Ткачев интересуется:
— Верю, что так водится, но в чем смысл?
— Ну как же. Ты ведь в три комнаты хочешь, значит, вверх идешь. К пирогу. Так или не так?
— Ну допустим.
— А раз к пирогу идешь — тебя малость и постричь можно, хе-хе-хе…
И старичок (он и впрямь мил и добродушен) выпускает громадный клуб ржавого дыма, отчего старичка становится еле видно. А жена Ткачева подает ему чай с айвовым вареньем. Вкусный чай. Жене очень нравится, что старичок не сраженный горем, не несчастненький, а даже как бы веселый.
— Спасибо, милая.
— Ой, что вы!
— За чаек спасибо. Хороший чай. Как для родственника завариваешь.
Ткачев продолжает расспросы:
— Значит, если я правильно понял, ты хочешь, папаша, денег задаром. Тяжело жить?
— Деньги нужны.
— Зачем?
— И-и, милый.
В разговоре старичок поддерживает любую тему, кроме этой.

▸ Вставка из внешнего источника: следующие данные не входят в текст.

(* Let $R$ be a commutative noetherian ring and let $N$ be a spectral object of the category $R\text{-}Mod$ of $R$-modules. Let $M$ be a finitely generated $R$-module such that $\langle N\rangle\in Supp(M)$. Then $Hom_{R\text{-}Mod}(M,N)\neq 0$.
   Context: For an abelian category $\mathcal A$ and objects $X,Y$, write $X\prec Y$ if $X$ is a subquotient of a direct sum of finitely many copies of $Y$, and $X\approx Y$ if $X\prec Y\prec X$. $\langle X\rangle$ denotes the full subcategory of objects $Y$ with $X\not\prec Y$. A nonzero object $P$ is spectral if $Q\approx P$ for every nonzero subobject $Q\subseteq P$. For an object $M$, $Supp(M)=\{\langle P\rangle\mid P$ spectral, $P\prec M\}$. *)

(* R-modules are modeled as MathComp [lmodType R]. *)
From HB Require Import structures.
From mathcomp Require Import all_boot all_order all_algebra.
Set Implicit Arguments. Unset Strict Implicit. Unset Printing Implicit Defensive.
Import GRing.Theory.
Local Open Scope ring_scope.

Definition is_ideal (R : comRingType) (I : R -> Prop) : Prop :=
  I 0 /\ (forall x y, I x -> I y -> I (x + y)) /\ (forall r x, I x -> I (r * x)).

Definition noetherian_ring (R : comRingType) : Prop :=
  forall I : R -> Prop, is_ideal I ->
    exists s : seq R, forall x, I x <->
      exists c : 'I_(size s) -> R, x = \sum_(i < size s) c i * s`_i.

Definition fin_gen_mod (R : comRingType) (M : lmodType R) : Prop :=
  exists s : seq M, forall m : M,
    exists c : 'I_(size s) -> R, m = \sum_(i < size s) c i *: s`_i.

Definition is_submod (R : comRingType) (M : lmodType R) (A : M -> Prop) : Prop :=
  A 0 /\ forall (a : R) u v, A u -> A v -> A (a *: u + v).

Definition is_submod_pow (R : comRingType) (Y : lmodType R) (n : nat)
  (B : ('I_n -> Y) -> Prop) : Prop :=
  B (fun _ => 0) /\
  forall (a : R) u v, B u -> B v -> B (fun i => a *: u i + v i).

(* [subquot A C]: the submodule A of X is a subquotient of a finite direct sum
   of copies of the submodule C of Y: there are n, a submodule B of C^n
   (inside Y^n) and an R-linear map B -> A which is surjective onto A. *)
Definition subquot (R : comRingType) (X Y : lmodType R)
  (A : X -> Prop) (C : Y -> Prop) : Prop :=
  exists (n : nat) (B : ('I_n -> Y) -> Prop) (f : ('I_n -> Y) -> X),
    [/\ is_submod_pow B,
        (forall u, B u -> forall i, C (u i)),
        (forall (a : R) u v, B u -> B v ->
             f (fun i => a *: u i + v i) = a *: f u + f v),
        (forall u, B u -> A (f u)) &
        (forall x, A x -> exists2 u, B u & f u = x)].

Definition prec (R : comRingType) (X Y : lmodType R) : Prop :=
  subquot (fun _ : X => True) (fun _ : Y => True).

Definition nonzero_mod (R : comRingType) (X : lmodType R) : Prop :=
  exists x : X, x != 0.

(* Spectral object: nonzero, and every nonzero subobject Q satisfies Q ≈ P. *)
Definition spectral (R : comRingType) (P : lmodType R) : Prop :=
  nonzero_mod P /\
  forall Q : P -> Prop, is_submod Q -> (exists2 q, Q q & q != 0) ->
    subquot Q (fun _ : P => True) /\ subquot (fun _ : P => True) Q.

(* Objects of the full subcategory <X>: those Y with ~ (X ≺ Y). *)
Definition in_angle (R : comRingType) (X Y : lmodType R) : Prop := ~ prec X Y.

(* <P> = <N> as full subcategories (same objects). *)
Definition angle_eq (R : comRingType) (P N : lmodType R) : Prop :=
  forall Y : lmodType R, in_angle P Y <-> in_angle N Y.

Definition in_Supp (R : comRingType) (N M : lmodType R) : Prop :=
  exists P : lmodType R, [/\ spectral P, prec P M & angle_eq P N].

Definition hom_nonzero (R : comRingType) (M N : lmodType R) : Prop :=
  exists f : M -> N,
    (forall (a : R) u v, f (a *: u + v) = a *: f u + f v) /\
    exists m : M, f m != 0.

(* Only two consequences of the hypotheses are needed: N has a nonzero element x, and
   N ≺ P ≺ M for the spectral P with <P> = <N>, so every scalar annihilating M
   annihilates x.

   For M generated by s_1, ..., s_k with Ann(M) ⊆ Ann(x), take t maximal such
   that some t x k matrix C whose rows are relations among the s_j has a t x t
   minor d (on columns J) with d x <> 0; t = 0 works with d = 1. By Cramer's rule
   d kills s_j for j in J, so J misses some column j0, as otherwise d would kill
   M and hence x. The functional v |-> det[v; C] on the columns j0, J vanishes,
   after multiplication by x, on relations by maximality of t, so it induces a
   linear map M -> N sending s_j0 to d x <> 0. *)

From mathcomp Require Import all_boot all_order all_algebra.
From mathcomp Require Import zify.
From Stdlib Require Import Classical FunctionalExtensionality.
Set Implicit Arguments. Unset Strict Implicit. Unset Printing Implicit Defensive.
Import GRing.Theory.
Local Open Scope ring_scope.

Section Annihilators.
Variable R : comNzRingType.

Definition annihilates (X : lmodType R) (r : R) : Prop := forall x : X, r *: x = 0.

Lemma prec_refl (X : lmodType R) : prec X X.
Proof.
exists 1%N, (fun _ => True), (fun u => u ord0); split => // x _.
by exists (fun _ => x).
Qed.

Lemma prec_annihilates (X Y : lmodType R) (r : R) :
  prec X Y -> annihilates Y r -> annihilates X r.
Proof.
move=> [n [B [f [[B0 _] _ f_lin _ f_onto]]]] rY x.
have [u Bu <-] := f_onto x I.
have ru0 : (fun i => r *: u i + 0) = (fun _ => 0 : Y).
  by apply: functional_extensionality => i; rewrite rY addr0.
apply: (@addIr _ (f (fun _ => 0))).
by rewrite -f_lin // ru0 add0r.
Qed.

Lemma angle_eq_prec (P N : lmodType R) : angle_eq P N -> prec N P.
Proof. by move=> PN; apply: NNPP => /(PN P)[]; apply: prec_refl. Qed.

End Annihilators.

Section Determinants.
Variable R : comNzRingType.

Lemma det_colsub_inj m n (A : 'M[R]_(m, n)) (J : 'I_m -> 'I_n) :
  \det (colsub J A) != 0 -> injective J.
Proof.
move=> detA i1 i2 eqJ; apply: contraTeq detA => ne_i; rewrite negbK -det_tr.
by apply/eqP/(determinant_alternate ne_i) => j; rewrite !mxE eqJ.
Qed.

Lemma det_scale_kernel (M : lmodType R) n (A : 'M[R]_n) (w : 'I_n -> M) :
  (forall l, \sum_i A l i *: w i = 0) -> forall i, \det A *: w i = 0.
Proof.
move=> Aw0 i.
have adjAw : \sum_l \adj A i l *: (\sum_j A l j *: w j) = 0.
  by apply: big1 => l _; rewrite Aw0 scaler0.
have adjA j : \sum_l \adj A i l * A l j = (\det A)%:M i j.
  by rewrite -mul_adj_mx mxE.
rewrite -{}adjAw; under eq_bigr do rewrite scaler_sumr.
rewrite exchange_big /=.
under eq_bigr => j _ do
  rewrite (eq_bigr _ (fun l _ => scalerA _ _ _)) -scaler_suml adjA mxE.
rewrite (bigD1 i) //= eqxx mulr1n big1 ?addr0 // => j ne_ji.
by rewrite eq_sym (negPf ne_ji) mulr0n scale0r.
Qed.

Lemma colsub_col_mx m1 m2 n n' (g : 'I_n' -> 'I_n)
    (A : 'M[R]_(m1, n)) (B : 'M[R]_(m2, n)) :
  colsub g (col_mx A B) = col_mx (colsub g A) (colsub g B).
Proof. by apply/matrixP => i j; rewrite !mxE; case: split => ?; rewrite mxE. Qed.

Lemma row_col_mx_all m1 m2 n (P : 'rV[R]_n -> Prop)
    (A : 'M[R]_(m1, n)) (B : 'M[R]_(m2, n)) :
  (forall i, P (row i A)) -> (forall i, P (row i B)) -> forall i, P (row i (col_mx A B)).
Proof. by move=> PA PB i; case: (split_ordP i) => i' ->; rewrite ?rowKu ?rowKd. Qed.

Lemma row'_col_mx_top n m (u : 'rV[R]_m) (B : 'M[R]_(n, m)) :
  row' (lshift n ord0) (col_mx u B) = B.
Proof.
apply/matrixP => i j; rewrite mxE.
have -> : lift (lshift n ord0) i = rshift 1 i by apply: val_inj.
exact: col_mxEd.
Qed.

Lemma det_col_mx_scalar n (B : 'M[R]_(n, 1 + n)) :
  scalar (fun u : 'rV[R]_(1 + n) => \det (col_mx u B)).
Proof.
move=> a u v /=; rewrite -[\det (col_mx v B)]mul1r.
apply: (@determinant_multilinear _ _ _ _ _ (lshift n ord0)); rewrite ?row'_col_mx_top //.
by rewrite !rowKu scale1r; apply/matrixP => i j; rewrite !mxE.
Qed.

Definition cons_ord t k (j0 : 'I_k) (J : 'I_t -> 'I_k) (l : 'I_(1 + t)) : 'I_k :=
  if split l is inr i then J i else j0.

Lemma det_colsub_cons_delta t k (C : 'M[R]_(t, k)) j0 (J : 'I_t -> 'I_k) :
  j0 \notin codom J ->
  \det (colsub (cons_ord j0 J) (col_mx 'e_j0 C)) = \det (colsub J C).
Proof.
move=> j0J; have J_ne i : (J i == j0) = false.
  by apply/negbTE; apply: contraNneq j0J => <-; apply: codom_f.
have -> : colsub (cons_ord j0 J) (col_mx 'e_j0 C) = block_mx 1 0 (col j0 C) (colsub J C).
  apply/matrixP => i l; rewrite [LHS]mxE /cons_ord.
  case: (split_ordP i) => i' ->; case: (split_ordP l) => l' ->;
    by rewrite ?col_mxEu ?col_mxEd ?row_mxEl ?row_mxEr !mxE ?ord1 ?eqxx ?J_ne ?andbF.
by rewrite det_lblock det1 mul1r.
Qed.

End Determinants.

Lemma linear_factor_surj (R : comNzRingType) (V M N : lmodType R)
    (p : V -> M) (phi : V -> N) :
  linear p -> linear phi -> (forall m, exists v, p v = m) ->
  (forall v, p v = 0 -> phi v = 0) ->
  exists2 f : M -> N, linear f & forall v, f (p v) = phi v.
Proof.
move=> p_lin phi_lin p_onto phi_ker.
have phi_eq v w : p v = p w -> phi v = phi w.
  move=> pvw; apply/eqP; rewrite -subr_eq0 -(zmod_morphism_linear phi_lin).
  by rewrite phi_ker // (zmod_morphism_linear p_lin) pvw subrr.
have p_onto_eq m : exists v, p v == m by have [v <-] := p_onto m; exists v.
pose sec m := xchoose (p_onto_eq m).
have secK : cancel sec p := fun m => eqP (xchooseP (p_onto_eq m)).
have fpK v : phi (sec (p v)) = phi v by apply: phi_eq; rewrite secK.
exists (phi \o sec) => [a u v|v] /=; last exact: fpK.
by rewrite -[u]secK -[v]secK -p_lin !fpK; apply: phi_lin.
Qed.

Section AnnihilatorHom.
Variables (R : comNzRingType) (M N : lmodType R) (k : nat) (s : 'I_k -> M) (x : N).

Definition comb (v : 'rV[R]_k) : M := \sum_j v 0 j *: s j.

Hypothesis comb_onto : forall m : M, exists v, comb v = m.
Hypothesis ann_x : forall r, annihilates M r -> r *: x = 0.

Lemma comb_linear : linear comb.
Proof.
move=> a u v; rewrite /comb scaler_sumr -big_split; apply: eq_bigr => j _.
by rewrite !mxE scalerDl scalerA.
Qed.

Lemma comb_delta j0 : comb (delta_mx 0 j0) = s j0.
Proof.
rewrite /comb (bigD1 j0) //= mxE !eqxx scale1r big1 ?addr0 // => j ne_j.
by rewrite mxE (negPf ne_j) scale0r.
Qed.

Definition rel_minor (t : nat) : Prop :=
  exists (C : 'M[R]_(t, k)) (J : 'I_t -> 'I_k),
    (forall l, comb (row l C) = 0) /\ \det (colsub J C) *: x != 0.

Lemma rel_minor0 : x != 0 -> rel_minor 0.
Proof.
move=> x_neq0; exists 0, (widen_ord (leq0n k)); split=> [[]//|].
by rewrite det_mx00 scale1r.
Qed.

Lemma minor_inj t (C : 'M[R]_(t, k)) (J : 'I_t -> 'I_k) :
  \det (colsub J C) *: x != 0 -> injective J.
Proof.
move=> detx; apply: (@det_colsub_inj _ _ _ C).
by apply: contra_neq detx => ->; rewrite scale0r.
Qed.

Lemma rel_minor_le t : rel_minor t -> (t <= k)%N.
Proof.
by move=> [C [J [_ /minor_inj J_inj]]]; have := leq_card J J_inj; rewrite !card_ord.
Qed.

Lemma rel_minor_not_onto t (C : 'M[R]_(t, k)) (J : 'I_t -> 'I_k) :
  (forall l, comb (row l C) = 0) -> \det (colsub J C) *: x != 0 ->
  exists j0, j0 \notin codom J.
Proof.
move=> C_rel detx; have J_inj := minor_inj detx.
case: (pickP (fun j => j \notin codom J)) => [j0 j0J|J_onto]; first by exists j0.
have {}J_onto j : j \in codom J by move/negbT: (J_onto j); rewrite negbK.
have J_bij : bijective J.
  apply: (inj_card_bij J_inj); rewrite -(card_codom J_inj).
  by apply/subset_leq_card/subsetP => j _; apply: J_onto.
have det_s i : \det (colsub J C) *: s (J i) = 0.
  apply: (det_scale_kernel (w := s \o J)) => l; rewrite -[RHS](C_rel l) /comb.
  by rewrite (reindex J) /=; [apply: eq_bigr => j _; rewrite !mxE | exact: onW_bij].
suffices /ann_x detx0 : annihilates M (\det (colsub J C)) by rewrite detx0 eqxx in detx.
move=> m; have [v <-] := comb_onto m; rewrite /comb scaler_sumr; apply: big1 => j _.
have /codomP[i ->] := J_onto j.
by rewrite scalerA mulrC -scalerA det_s scaler0.
Qed.

Lemma rel_minor_succ t : rel_minor t -> hom_nonzero M N \/ rel_minor t.+1.
Proof.
move=> [C [J [C_rel detx]]].
have [j0 j0J] := rel_minor_not_onto C_rel detx.
pose psi (v : 'rV[R]_k) := \det (colsub (cons_ord j0 J) (col_mx v C)).
have [[v v_rel psix]|psi_ker] := classic (exists2 v, comb v = 0 & psi v *: x != 0).
  right; exists (col_mx v C), (cons_ord j0 J); split=> //.
  by apply: (@row_col_mx_all _ 1 t _ (fun w => comb w = 0)) => // i; rewrite row_id.
have {}psi_ker v : comb v = 0 -> psi v *: x = 0.
  by move=> v_rel; apply: NNPP => /eqP psix; apply: psi_ker; exists v.
have psi_scalar : scalar psi.
  by move=> a u v; rewrite /psi !colsub_col_mx linearP det_col_mx_scalar.
have phi_lin : linear (fun v => psi v *: x).
  by move=> a u v /=; rewrite psi_scalar scalerDl scalerA.
have [f f_lin f_comb] := linear_factor_surj comb_linear phi_lin comb_onto psi_ker.
left; exists f; split=> //; exists (s j0).
by rewrite -comb_delta f_comb /psi det_colsub_cons_delta.
Qed.

Lemma rel_minor_hom_nonzero t : rel_minor t -> hom_nonzero M N.
Proof.
move: {2}(k - t)%N (leqnn (k - t)) => n.
elim: n t => [|n IHn] t le_kt_n; case/rel_minor_succ => // mt1.
  by have := rel_minor_le mt1; lia.
by apply: (IHn t.+1) mt1; lia.
Qed.

End AnnihilatorHom.

Lemma hom_nonzero_of_annihilators (R : comNzRingType) (M N : lmodType R) (x : N) :
  x != 0 -> fin_gen_mod M -> (forall r, annihilates M r -> r *: x = 0) ->
  hom_nonzero M N.
Proof.
move=> x_neq0 [s s_span] ann_x.
have comb_onto m : exists v, comb (fun j : 'I_(size s) => s`_j) v = m.
  by have [c ->] := s_span m; exists (\row_j c j); apply: eq_bigr => j _; rewrite mxE.
by apply: (rel_minor_hom_nonzero comb_onto ann_x); apply: rel_minor0.
Qed.

Theorem proposition4p1 (R : comRingType) (N M : lmodType R) :
  noetherian_ring R -> spectral N -> fin_gen_mod M -> in_Supp N M ->
  hom_nonzero M N.
Proof.
move=> _ [[x x_neq0] _] fgM [P [_ PM /angle_eq_prec NP]].
apply: (hom_nonzero_of_annihilators x_neq0 fgM) => r rM.
exact: (prec_annihilates NP (prec_annihilates PM rM)).
Qed.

А днем позже приходит она — она в темном. Хотя скорее всего это темно-синий костюм Аэрофлота.
Когда-то он был темно-синим, это точно, но сейчас он глядится как темный. Во-первых, потому, что тут уже хорошенько потрудилось время. И еще потому, что Ткачевы подспудно как-никак ожидали, что к ним придут и будут ходить по комнатам в темном, — вот и пришли.
На голове голубенькая пилотка с «орлом», и, когда она ее снимает (а она сняла ее сразу), оказывается, что пришла привлекательная блондинка в темном, чуть склонная к полноте. У Ткачева внутри что-то екает. Срабатывает. И он видит, что она поняла и отметила это. К тому же у нее оказывается имя, с которым так просто не исчезают с твоего горизонта, если ты мужчина и если горизонт твой сугубо научно-технический. А у Ткачева именно такой горизонт.